Getting there: by Rental Car
We rented a car from Heathrow, as to avoid actually driving in central London. If you decide to road trip, book your car as early as possible to get the best rates! As we decided last minute, the fees were rather high – around £100 for three days (but you can find them for 1/3 of that). I would also recommend leaving either Friday evening or very early Saturday, as the traffic is horrific on Saturday mid-morning.
As a tourist, we can rent a car in the UK with a US license, but as residents, we are only allowed to drive for one year before getting an international license. The left side of the road was easier to get used to that I thought, but staying centered in my lane (sitting on the right side of the car) was a far bigger challenge. It took some serious focus to not drift into the next lane.
Stay: in a Tent
Dale, Wales, was a quaint town on the coast we called home for the weekend. We camped at Dale Hill Farm – it had a great view of the water and at only £12 per night, it was reasonably affordable for a bank holiday.
This was our first time seeing how British people camp – and we quickly realized our tent was lacking in comparison. Next to caravans are massive luxury tents, seeming to hold several bedrooms, living room, and kitchen space. Foldaway picnic tables, literal kitchen stoves, and pantries stocked full of snacks made our humble 2-person home look a little pathetic, but for now it’s still all we need.
Things to do
We happened to be in town for the annual local Beer & Cider Festival – allowing us to enjoy the coastal town, some affordable local brews, and a couple commemorative glasses to remember our stay.
During the day we walked along the coast – starting at Marloes Sands and heading all the way to St.

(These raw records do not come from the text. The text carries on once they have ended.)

(* Let $B_1,\dots,B_N$ be training bags, $B_i=[B_{i1},\dots,B_{iN_i}]$ with $B_{ij}\in\mathbb{R}^d$, let $\ker$ be a kernel with feature map $\Phi$, and $\nu\in(0,1)$. Let $\lambda$ minimize $\sum_{i=1}^N\|\sum_{j}\lambda_{ij}\Phi(B_{ij})-\frac1N\sum_{k}\sum_{j}\lambda_{kj}\Phi(B_{kj})\|^2$ subject to $\sum_j\lambda_{ij}=1$, $\lambda_{ij}\ge0$; set $b_i=\sum_j\lambda_{ij}\Phi(B_{ij})$. Let $\alpha$ solve $\min_\alpha\frac12\sum_{i,j}\alpha_i\alpha_j\ker(b_i,b_j)$ s.t. $0\le\alpha_i\le\frac1{\nu N}$, $\sum_i\alpha_i=1$, with $\rho$ and $l(x)=\sum_j\alpha_j\sum_k\lambda_{jk}\ker(x,B_{jk})-\rho$ as in one-class SVM. For each $i$ let $s_i=\arg\max_{j=1,\dots,N_i} l(B_{ij})$, and form the $2N$ training points $\{x_1,\dots,x_{2N}\}=\{b_1,\dots,b_N\}\cup\{B_{1s_1},\dots,B_{Ns_N}\}$. Let $\alpha'$ solve $$\min_{\alpha'}\tfrac12\sum_{p,q}\alpha'_p\alpha'_q\ker(x_p,x_q)\quad\text{s.t. } 0\le\alpha'_p\le\frac{1}{2\nu N},\ \sum_p\alpha'_p=1,$$ let $\rho'=\sum_{p=1}^{2N}\alpha'_p\ker(x_p,x_q)$ for an index $q$ with $0<\alpha'_q<\frac{1}{2\nu N}$, let $l'(x)=\sum_{p=1}^{2N}\alpha'_p\ker(x,x_p)-\rho'$ and $f'(B_i)=\operatorname{sign}(\max_{r=1,\dots,N_i} l'(B_{ir}))$. If $\rho'\neq0$, then $\nu$ is an upper bound on the fraction of outlier bags, i.e. at most $\nu N$ of the training bags are outlier bags.
   Context: $\operatorname{sign}(y)=+1$ if $y\ge0$ and $-1$ otherwise; $\ker(x,y)=\Phi(x)\cdot\Phi(y)$, and kernel values involving virtual instances are expanded linearly, e.g. $\ker(b_i,x)=\sum_k\lambda_{ik}\ker(B_{ik},x)$. In this setting an outlier bag is a training bag $B_i$ that falls outside the decision boundary of the learned function, i.e. with $f'(B_i)=-1$. *)

From HB Require Import structures.
From mathcomp Require Import all_boot all_order all_algebra.
From mathcomp Require Export reals.
Set Implicit Arguments. Unset Strict Implicit. Unset Printing Implicit Defensive.
Import Order.TTheory GRing.Theory Num.Theory.
Local Open Scope ring_scope.

(* Real inner product on an R-vector space V (the feature space of the kernel):
   linear in the first argument, symmetric, positive definite. *)
Definition inner_product (R : realType) (V : lmodType R) (ip : V -> V -> R) : Prop :=
  [/\ forall (a : R) (u v w : V), ip (a *: u + v) w = a * ip u w + ip v w,
      forall u v : V, ip u v = ip v u,
      forall v : V, 0 <= ip v v &
      forall v : V, ip v v = 0 -> v = 0].

Definition sgn (R : realType) (y : R) : R := if 0 <= y then 1 else -1.

Definition seqmax (R : realType) (s : seq R) : R := foldr Num.max (head 0 s) s.

(* max_{r < n} F r  (used only for n > 0) *)
Definition bagmax (R : realType) (n : nat) (F : 'I_n -> R) : R :=
  seqmax [seq F r | r <- enum 'I_n].

Definition vinst (R : realType) (d N : nat) (V : lmodType R) (Phi : 'rV[R]_d -> V)
  (Ns : 'I_N -> nat) (B : forall i : 'I_N, 'I_(Ns i) -> 'rV[R]_d)
  (lam : forall i : 'I_N, 'I_(Ns i) -> R) (i : 'I_N) : V :=
  \sum_(j < Ns i) lam i j *: Phi (B i j).

Definition lam_feasible (R : realType) (N : nat) (Ns : 'I_N -> nat)
  (lam : forall i : 'I_N, 'I_(Ns i) -> R) : Prop :=
  forall i : 'I_N, (forall j, 0 <= lam i j) /\ \sum_(j < Ns i) lam i j = 1.

Definition lam_obj (R : realType) (d N : nat) (V : lmodType R) (ip : V -> V -> R)
  (Phi : 'rV[R]_d -> V) (Ns : 'I_N -> nat) (B : forall i : 'I_N, 'I_(Ns i) -> 'rV[R]_d)
  (lam : forall i : 'I_N, 'I_(Ns i) -> R) : R :=
  \sum_(i < N)
    ip (vinst Phi B lam i - N%:R^-1 *: \sum_(k < N) vinst Phi B lam k)
       (vinst Phi B lam i - N%:R^-1 *: \sum_(k < N) vinst Phi B lam k).

Definition lam_optimal (R : realType) (d N : nat) (V : lmodType R) (ip : V -> V -> R)
  (Phi : 'rV[R]_d -> V) (Ns : 'I_N -> nat) (B : forall i : 'I_N, 'I_(Ns i) -> 'rV[R]_d)
  (lam : forall i : 'I_N, 'I_(Ns i) -> R) : Prop :=
  lam_feasible lam /\
  forall mu : forall i : 'I_N, 'I_(Ns i) -> R,
    lam_feasible mu -> lam_obj ip Phi B lam <= lam_obj ip Phi B mu.

Definition qp_feasible (R : realType) (I : finType) (C : R) (a : I -> R) : Prop :=
  (forall p, 0 <= a p <= C) /\ \sum_(p : I) a p = 1.

Definition qp_obj (R : realType) (V : lmodType R) (ip : V -> V -> R) (I : finType)
  (x : I -> V) (a : I -> R) : R :=
  2^-1 * \sum_(p : I) \sum_(q : I) a p * a q * ip (x p) (x q).

Definition qp_solution (R : realType) (V : lmodType R) (ip : V -> V -> R) (I : finType)
  (x : I -> V) (C : R) (a : I -> R) : Prop :=
  qp_feasible C a /\
  forall a' : I -> R, qp_feasible C a' -> qp_obj ip x a <= qp_obj ip x a'.

From HB Require Import structures.
From mathcomp Require Import all_boot all_order all_algebra.
From mathcomp Require Import reals.
From mathcomp Require Import ring lra.
Import Order.TTheory GRing.Theory Num.Theory.
Set Implicit Arguments. Unset Strict Implicit.
Local Open Scope ring_scope.

(* An outlier bag i has l'(B_ir) < 0 for every instance r, hence also
   l'(B_{i s_i}) < 0 and, l' being affine and b_i a convex combination of the
   B_ij, l'(b_i) < 0.  A point with l' < 0 has a strictly smaller gradient of
   the dual objective than the free point x_q, so by the KKT conditions of the
   dual its multiplier sits at the box bound 1/(2 nu N).  Each outlier bag
   therefore contributes 2/(2 nu N) to sum_p alpha'_p = 1. *)

Lemma le_foldr_max (R : realDomainType) (s : seq R) (z x : R) :
  x \in s -> x <= foldr Num.max z s.
Proof.
elim: s => //= y s IHs; rewrite inE => /orP[/eqP ->|xs].
  by rewrite le_max lexx.
by rewrite le_max IHs ?orbT.
Qed.

Lemma le_bagmax (R : realType) (n : nat) (F : 'I_n -> R) (r : 'I_n) :
  F r <= bagmax F.
Proof. by apply: le_foldr_max; apply: map_f; rewrite mem_enum. Qed.

Lemma sgn_eqN1 (R : realType) (y : R) : (sgn y == -1) = (y < 0).
Proof.
rewrite /sgn ltNge; case: ifP => _ /=; last by rewrite eqxx.
by apply/negbTE/eqP => one_eqN1; have : (1 : R) = -1 := one_eqN1; lra.
Qed.

Lemma sum_indicatorB (R : pzRingType) (I : finType) (p q : I) (F : I -> R) :
  \sum_r ((r == p)%:R - (r == q)%:R) * F r = F p - F q.
Proof.
have delta (k : I) : \sum_r (r == k)%:R * F r = F k.
  rewrite (bigD1 k) //= eqxx mul1r big1 ?addr0 // => r /negbTE ->.
  by rewrite mul0r.
by under eq_bigr do rewrite mulrBl; rewrite sumrB !delta.
Qed.

Lemma sum_card_le (R : numDomainType) (I : finType) (S : {set I}) (a : I -> R) (C : R) :
  (forall p, 0 <= a p) -> (forall p, p \in S -> a p = C) -> #|S|%:R * C <= \sum_p a p.
Proof.
move=> a_ge0 aS; rewrite mulr_natl -sumr_const big_mkcond /=.
by apply: ler_sum => p _; case: ifP => [/aS ->|].
Qed.

Lemma small_step_lt0 (R : realFieldType) (L M c : R) :
  L < 0 -> 0 < c -> exists2 e, 0 < e <= c & e * L + e ^+ 2 * M < 0.
Proof.
move=> L_lt0 c_gt0; have M1_gt0 : 0 < `|M| + 1 by rewrite ltr_wpDl.
pose e := Num.min c (- L / (`|M| + 1)).
have e_gt0 : 0 < e by rewrite lt_min c_gt0 divr_gt0 ?oppr_gt0.
exists e; first by rewrite e_gt0 ge_min lexx.
have eM : e * (`|M| + 1) <= - L by rewrite -ler_pdivlMr // ge_min lexx orbT.
have M_le : M <= `|M| by rewrite real_ler_norm ?num_real.
have eeM : e * (e * M) <= e * (e * `|M|) by do 2 apply: (ler_wpM2l (ltW e_gt0)).
have : e * (L + e * `|M| + e) <= 0 by rewrite pmulr_rle0 //; lra.
have : 0 < e * e by rewrite mulr_gt0.
rewrite expr2; lra.
Qed.

Section OneClassDual.
Variables (R : realType) (V : lmodType R) (ip : V -> V -> R).
Hypothesis ipC : forall u v, ip u v = ip v u.
Variables (I : finType) (x : I -> V).

Definition qp_grad (a : I -> R) (p : I) : R := \sum_r a r * ip (x p) (x r).

Lemma qp_obj_shift (a h : I -> R) (e : R) :
  qp_obj ip x (fun r => a r + e * h r) =
  qp_obj ip x a + e * \sum_p h p * qp_grad a p + e ^+ 2 * qp_obj ip x h.
Proof.
have cross : \sum_p \sum_r a p * h r * ip (x p) (x r) =
             \sum_p \sum_r h p * a r * ip (x p) (x r).
  rewrite exchange_big; apply: eq_bigr => p _; apply: eq_bigr => r _.
  by rewrite ipC; ring.
have grad : \sum_p h p * qp_grad a p = \sum_p \sum_r h p * a r * ip (x p) (x r).
  by apply: eq_bigr => p _; rewrite mulr_sumr; apply: eq_bigr => r _; rewrite mulrA.
rewrite /qp_obj grad.
transitivity (2^-1 * (\sum_p \sum_r a p * a r * ip (x p) (x r)
   + e * \sum_p \sum_r h p * a r * ip (x p) (x r)
   + e * \sum_p \sum_r a p * h r * ip (x p) (x r)
   + e ^+ 2 * \sum_p \sum_r h p * h r * ip (x p) (x r))); last first.
  by rewrite cross; field.
congr (_ * _); rewrite !mulr_sumr -!big_split /=; apply: eq_bigr => p _.
by rewrite !mulr_sumr -!big_split /=; apply: eq_bigr => r _; ring.
Qed.

Lemma qp_feasible_transfer (C : R) (a : I -> R) (p q : I) (e : R) :
  qp_feasible C a -> p != q -> 0 <= e <= C - a p -> e <= a q ->
  qp_feasible C (fun r => a r + e * ((r == p)%:R - (r == q)%:R)).
Proof.
move=> [a_box a_sum] pq /andP[e_ge0 e_le] e_le_aq; split; last first.
  rewrite big_split /= a_sum -mulr_sumr.
  under eq_bigr do rewrite -[_ - _]mulr1.
  by rewrite sum_indicatorB subrr mulr0 addr0.
move=> r; have [->|rp] := eqVneq r p.
  have /andP[ap_ge0 _] := a_box p.
  by rewrite (negbTE pq) subr0 mulr1; apply/andP; split; lra.
have [->|rq] := eqVneq r q.
  have /andP[_ aq_le] := a_box q.
  by rewrite sub0r mulrN1; apply/andP; split; lra.
by rewrite subrr mulr0 addr0 a_box.
Qed.

(* KKT condition of the dual: moving mass from a point q with a q > 0 to a point
   p below the box bound cannot decrease the objective. *)
Lemma qp_solution_grad_le (C : R) (a : I -> R) (p q : I) :
  qp_solution ip x C a -> a p < C -> 0 < a q -> qp_grad a q <= qp_grad a p.
Proof.
move=> [a_feas a_opt] ap_lt aq_gt0; rewrite leNgt; apply/negP => grad_lt.
have pq : p != q by apply: contraTneq grad_lt => ->; rewrite ltxx.
have grad_lt0 : qp_grad a p - qp_grad a q < 0 by rewrite subr_lt0.
have step_gt0 : 0 < Num.min (C - a p) (a q) by rewrite lt_min subr_gt0 ap_lt aq_gt0.
have [e /andP[e_gt0]] := small_step_lt0
  (qp_obj ip x (fun r => (r == p)%:R - (r == q)%:R)) grad_lt0 step_gt0.
rewrite le_min => /andP[e_le_C e_le_aq] obj_lt.
have e_range : 0 <= e <= C - a p by rewrite ltW.
have := a_opt _ (qp_feasible_transfer a_feas pq e_range e_le_aq).
rewrite qp_obj_shift sum_indicatorB; lra.
Qed.

End OneClassDual.

Lemma ip_suml (R : realType) (V : lmodType R) (ip : V -> V -> R)
  (J : finType) (c : J -> R) (v : J -> V) (w : V) :
  inner_product ip -> ip (\sum_j c j *: v j) w = \sum_j c j * ip (v j) w.
Proof.
case=> lin _ _ _.
have ip0 : ip 0 w = 0.
  have := lin 1 0 0 w; rewrite scale1r addr0 mul1r => ip0_double.
  by apply: (addrI (ip 0 w)); rewrite addr0 -ip0_double.
have ipD : {morph ip^~ w : u u' / u + u'}.
  by move=> u u' /=; rewrite -{1}[u]scale1r lin mul1r.
rewrite (big_morph _ ipD ip0); apply: eq_bigr => j _.
by rewrite -[_ *: _]addr0 lin ip0 addr0.
Qed.

Lemma affine_ip_convex (R : realType) (V : lmodType R) (ip : V -> V -> R)
  (J P : finType) (c : J -> R) (v : J -> V) (a : P -> R) (y : P -> V) (t : R) :
  inner_product ip -> \sum_j c j = 1 ->
  \sum_p a p * ip (\sum_j c j *: v j) (y p) - t =
  \sum_j c j * (\sum_p a p * ip (v j) (y p) - t).
Proof.
move=> hip c_sum.
under eq_bigr do rewrite (ip_suml _ _ _ hip) mulr_sumr.
rewrite exchange_big /=.
under [RHS]eq_bigr do rewrite mulrBr mulr_sumr.
rewrite sumrB -mulr_suml c_sum mul1r; congr (_ - _).
by apply: eq_bigr => j _; apply: eq_bigr => p _; ring.
Qed.

Theorem theorem2 (R : realType) (d N : nat) (V : lmodType R) (ip : V -> V -> R)
  (Phi : 'rV[R]_d -> V) (nu : R) (Ns : 'I_N -> nat)
  (B : forall i : 'I_N, 'I_(Ns i) -> 'rV[R]_d)
  (lam : forall i : 'I_N, 'I_(Ns i) -> R)
  (alpha : 'I_N -> R) (rho : R) (s : forall i : 'I_N, 'I_(Ns i))
  (alpha' : 'I_N + 'I_N -> R) (q : 'I_N + 'I_N) :
  inner_product ip ->
  0 < nu < 1 ->
  (0 < N)%N ->
  (forall i : 'I_N, 0 < Ns i)%N ->
  lam_optimal ip Phi B lam ->
  qp_solution ip (vinst Phi B lam) (nu * N%:R)^-1 alpha ->
  (exists i0 : 'I_N, 0 < alpha i0 < (nu * N%:R)^-1 /\
     rho = \sum_(j < N) alpha j * ip (vinst Phi B lam j) (vinst Phi B lam i0)) ->
  let l := fun x : 'rV[R]_d =>
    \sum_(j < N) alpha j * \sum_(k < Ns j) lam j k * ip (Phi x) (Phi (B j k)) - rho in
  (forall (i : 'I_N) (j : 'I_(Ns i)), l (B i j) <= l (B i (s i))) ->
  let xs := fun p : 'I_N + 'I_N =>
    match p with inl i => vinst Phi B lam i | inr i => Phi (B i (s i)) end in
  qp_solution ip xs (2 * nu * N%:R)^-1 alpha' ->
  0 < alpha' q < (2 * nu * N%:R)^-1 ->
  let rho' := \sum_(p : 'I_N + 'I_N) alpha' p * ip (xs p) (xs q) in
  let l' := fun v : V => \sum_(p : 'I_N + 'I_N) alpha' p * ip v (xs p) - rho' in
  let f' := fun i : 'I_N => sgn (bagmax (fun r : 'I_(Ns i) => l' (Phi (B i r)))) in
  rho' != 0 ->
  (#|[set i : 'I_N | f' i == -1]|%:R <= nu * N%:R).
Proof.
move=> hip /andP[nu_gt0 _] N_gt0 _ [lam_feas _] _ _ l _ xs alpha'_sol
  /andP[aq_gt0 aq_lt] rho' l' f' _.
have [_ ipC _ _] := hip.
set C := (2 * nu * N%:R)^-1 in alpha'_sol aq_lt *.
have [[a_box a_sum] _] := alpha'_sol.
have l'_xs p : l' (xs p) = qp_grad ip xs alpha' p - qp_grad ip xs alpha' q.
  by congr (_ - _); apply: eq_bigr => r _; rewrite ipC.
have saturated p : l' (xs p) < 0 -> alpha' p = C.
  have /andP[_ ap_le] := a_box p.
  have [ap_lt|ap_ge] := ltP (alpha' p) C.
    by have := qp_solution_grad_le ipC alpha'_sol ap_lt aq_gt0; rewrite l'_xs; lra.
  by move=> _; apply/eqP; rewrite eq_le ap_le.
have outlier_neg i : f' i == -1 -> l' (xs (inl i)) < 0 /\ l' (xs (inr i)) < 0.
  rewrite /f' sgn_eqN1; set m := bagmax _ => m_lt0.
  have inst_le r : l' (Phi (B i r)) <= m by apply: le_bagmax.
  split; last exact: le_lt_trans (inst_le _) m_lt0.
  have [lam_ge0 lam_sum] := lam_feas i.
  rewrite /= /vinst {1}/l' affine_ip_convex // (le_lt_trans _ m_lt0) //.
  rewrite -[leRHS]mul1r -lam_sum mulr_suml; apply: ler_sum => j _.
  by apply: (ler_wpM2l (lam_ge0 j)); apply: inst_le.
set S := [set i | f' i == -1].
have inl_sat : #|S|%:R * C <= \sum_i alpha' (inl i).
  apply: sum_card_le => [i|i]; first by case/andP: (a_box (inl i)).
  by rewrite inE => /outlier_neg [/saturated].
have inr_sat : #|S|%:R * C <= \sum_i alpha' (inr i).
  apply: sum_card_le => [i|i]; first by case/andP: (a_box (inr i)).
  by rewrite inE => /outlier_neg [_ /saturated].
have nuN_gt0 : 0 < nu * N%:R by rewrite mulr_gt0 ?ltr0n.
have : #|S|%:R * C + #|S|%:R * C <= 1 by rewrite -[leRHS]a_sum big_sumType; apply: lerD.
have -> : #|S|%:R * C + #|S|%:R * C = #|S|%:R / (nu * N%:R).
  by rewrite /C; field; rewrite !gt_eqF // ltr0n.
by rewrite ler_pdivrMr // mul1r.
Qed.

Anne’s Head, circling back around to our campsite. This was the first introduction to amazing coastlines, surrounded by wildflowers and stunning views. (This trip eventually inspired my South West Coast Path adventure.) We walked from our campsite, but it was quite a long day, so you could easily take a drive to Marloes or to the lighthouse at St Annes, picking up and walking as you please.
The wildflowers were my favorite – buttercups, foxgloves, Queen Anne’s lace, lining the country roads everywhere we went. Absolutely inspiring for my future garden, where I can pop out and cut as many fresh flowers as I please to adorn my kitchen table. Fields of yellow calling to be admired around every turn. Unreal views. Watch out for stinging nettle.
We loved Wales and are so excited to go back, especially to visit Snowdonia.